5. 産官も活用可能なデータベース構築とその利用を前提にした共同研究の企画

産学官の共同研究に資する可能性の高い3つのデータベース提供を将来の目的として、基盤整備を行います。

第1のデータベースは、一般社団法人CRD協会の保有する企業財務データを基に、CRD協会からの外部資金提供も受けながら「中小企業財務データベース」の構築を継続します。このデータを直接的に利用する共同研究実績を積み上げるために、中小企業のクレジットリスクとその管理に関する共同研究も、統計数理研究所公募型共同研究などを通じて行います。

第2のデータベースは、情報循環を加速する管理技術(統計的方法に限らない)をクラスター化した標準的構造体として所収するデータベースと、その方法が産官で利用される標準的研究開発プロセス(ISO TC69 SC8のみならず、さまざまなプロセスモデルを統合)のマイルストーンからも検索可能なデータベースの構築です。このデータベースを開発するために産官学の開発研究者のネットワーク「VCP-NET」を平成25年5月末に(財)日本規格協会の協力の下、開始します。

第3のデータベースは、レセプトなどからなる健康科学データに関わる情報基盤です。研究所のオンサイト拠点が形成されたことにより、平成24年度に一時的にオンサイト拠点で利用可能となった厚労省レセプトサンプリングデータを利用した研究企画を島根大学医学部などと常時行うことで、毎年サンプリングデータが定常的に格納され、共同研究に資する環境を実現することを目指します。さらに、平成25年度は、これまでの医薬品安全性研究に加え、一般社団法人国際栄養食品協会が提案している、機能性食品による失明予防の医療経済効果測定を、研究所が保有する民間最大のレセプトデータベースを活用して、その実現可能性に関わる初動的検討を島根大学医学部と共に行います。本データ基盤を利用した研究については、上記法人を通じて厚生労働科研費などの企画につなげていきます。

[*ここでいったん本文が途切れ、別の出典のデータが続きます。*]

Lemma reward_ratio_all {R : realType} {S A : finType} {H : nat}
    {r : nat -> S -> A -> R} {C : R} :
  (forall h s a, (h < H)%N -> 0 <= r h s a) ->
  (forall h s, (h < H)%N -> (exists a, 0 < r h s a) ->
     (forall a, 0 < r h s a) /\ (forall a a', r h s a <= C * r h s a')) ->
  forall h s a a', (h < H)%N -> r h s a <= C * r h s a'.
Proof.
move=> r0 rC h s a a' hH.
have [pos|nopos] := pselect (exists a, 0 < r h s a); first exact: (rC h s hH pos).2.
have r_eq0 b : r h s b = 0.
  by apply/eqP; rewrite eq_le r0 // andbT leNgt; apply/negP => ?; apply: nopos; exists b.
by rewrite !r_eq0 mulr0.
Qed.

Theorem mainTheorem9 (R : realType) (S A : finType) (H : nat)
  (P : nat -> S -> A -> S -> R) (mu : S -> R) (r : nat -> S -> A -> R)
  (C : R) :
  (0 < #|A|)%N ->
  valid_mdp H P mu ->
  (forall h s a, (h < H)%N -> 0 <= r h s a) ->
  1 <= C ->
  (forall h s, (h < H)%N -> (exists a, 0 < r h s a) ->
     (forall a, 0 < r h s a) /\ (forall a a', r h s a <= C * r h s a')) ->
  ((1 / (#|A|%:R * C))%:E <= CR1 H P mu r)%E.
Proof.
move=> A0 mdp r0 C1 rC.
have C0 : 0 < C := lt_le_trans ltr01 C1.
apply: le_ereal_inf_tmp => _ [dT [T [Pr [X [rewards ->]]]]].
apply: crdiv_ge_inv; first by rewrite mulr_gt0 ?ltr0n.
- exact: Vstar1_ge0 mdp rewards A0.
- exact: Vstar1_fin_num mdp rewards A0.
- exact: Vstar1_le_Vstar0 mdp rewards _ (ltW C0) (reward_ratio_all r0 rC).
Qed.
Lemma swap_le a N i : (a <= N)%nat -> (i <= N)%nat -> (swap a N i <= N)%nat.
Proof. unfold swap; destruct (Nat.eqb_spec i a), (Nat.eqb_spec i N); lia. Qed.

Lemma swap_gt a N i : (a <= N)%nat -> (N < i)%nat -> swap a N i = i.
Proof. unfold swap; destruct (Nat.eqb_spec i a), (Nat.eqb_spec i N); lia. Qed.

Lemma sumN_update N a x phi : (a < N)%nat ->
  sumN N (fun i => if Nat.eqb i a then x else phi i) = sumN N phi - phi a + x.
Proof.
  induction N as [|N IH]; intros Ha; [lia|]. simpl.
  destruct (Nat.eqb_spec N a) as [->|Hne].
  - rewrite (sumN_ext a _ phi); [ring|].
    intros i Hi; destruct (Nat.eqb_spec i a); [lia|reflexivity].
  - rewrite IH by lia. ring.
Qed.

Lemma sumN_swap N a phi : (a <= N)%nat ->
  sumN (S N) (fun i => phi (swap a N i)) = sumN (S N) phi.
Proof.
  intros Ha. destruct (Nat.eq_dec a N) as [->|Hne].
  - apply sumN_ext; intros i _; unfold swap.
    destruct (Nat.eqb_spec i N); subst; reflexivity.
  - simpl. rewrite swap_r.
    rewrite (sumN_ext N _ (fun i => if Nat.eqb i a then phi N else phi i)).
    + rewrite sumN_update by lia. ring.
    + intros i Hi; unfold swap; destruct (Nat.eqb_spec i a), (Nat.eqb_spec i N); auto; lia.
Qed.

Lemma sumN_perm N s : Bijective s -> (forall i, (N <= i)%nat -> s i = i) ->
  forall phi, sumN N (fun i => phi (s i)) = sumN N phi.
Proof.
  revert s; induction N as [|N IH]; intros s [g [Hgs Hsg]] Hfix phi; [reflexivity|].
  set (a := g N).
  assert (Ha : (a <= N)%nat).
  { destruct (Nat.le_gt_cases a N) as [|Hgt]; auto.
    specialize (Hsg N); rewrite Hfix in Hsg by (unfold a in Hgt; lia). lia. }
  set (t := fun i => s (swap a N i)).
  assert (HtN : t N = N) by (unfold t; rewrite swap_r; apply Hsg).
  assert (Ht : sumN N (fun i => phi (t i)) = sumN N phi).
  { apply IH.
    - exists (fun y => swap a N (g y)); unfold t; split; intros;
        rewrite ?swap_involutive, ?Hgs, ?Hsg, ?swap_involutive; reflexivity.
    - intros i Hi. destruct (Nat.eq_dec i N) as [->|Hne]; [exact HtN|].
      unfold t; rewrite swap_gt, Hfix; lia. }
  transitivity (sumN (S N) (fun i => phi (t (swap a N i)))).
  - apply sumN_ext; intros i _; unfold t; rewrite swap_involutive; reflexivity.
  - rewrite (sumN_swap N a (fun i => phi (t i))) by exact Ha.
    simpl; rewrite Ht, HtN; reflexivity.
Qed.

6. 産業環境情報のアジアでの収集と還元プラットフォームの実効化

大阪大学の協力と、社団法人産業環境管理協会のデータ提供を基に開発したeL-Platformを用いて、アジア、特にインドネシア技術評価庁(Badan Pengkajian dan Penerapan Teknologi: BPPT)との連携を基に、アジアの産業環境情報を収集し、研究可能なデータの蓄積を開始します。地域から収集した分析結果を収集に協力した自治体(ボゴール市など)や企業に還元する活動を開始。また、現地で情報収集に協力する研究者に対して必要な研修事業を行います。

データベース開発の推進体制

国立情報学研究所と統計数理研究所を中心とし、全国の29大学(東京大学、大阪大学、同志社大学、広島大学、高知大学、東京学芸大学、和歌山県立医科大学、慶應義塾大学、電気通信大学、九州大学など)と連携します。また災害に学ぶ重要な人間・社会データの分析や収集・管理・共有の方法を確立するため、東日本大震災の被災地の4大学(東北大学、石巻専修大学など)や地方公共団体9機関との連携を強化しています。さらに、観光、防災・減災、環境政策科学においては、地域の政策主体である自治体(仙台市、京都市、広島県・広島市、山梨県、高知県など)および産業界と連携し、産官学連携によるデータ中心政策決定支援サービスの社会実装を実施します。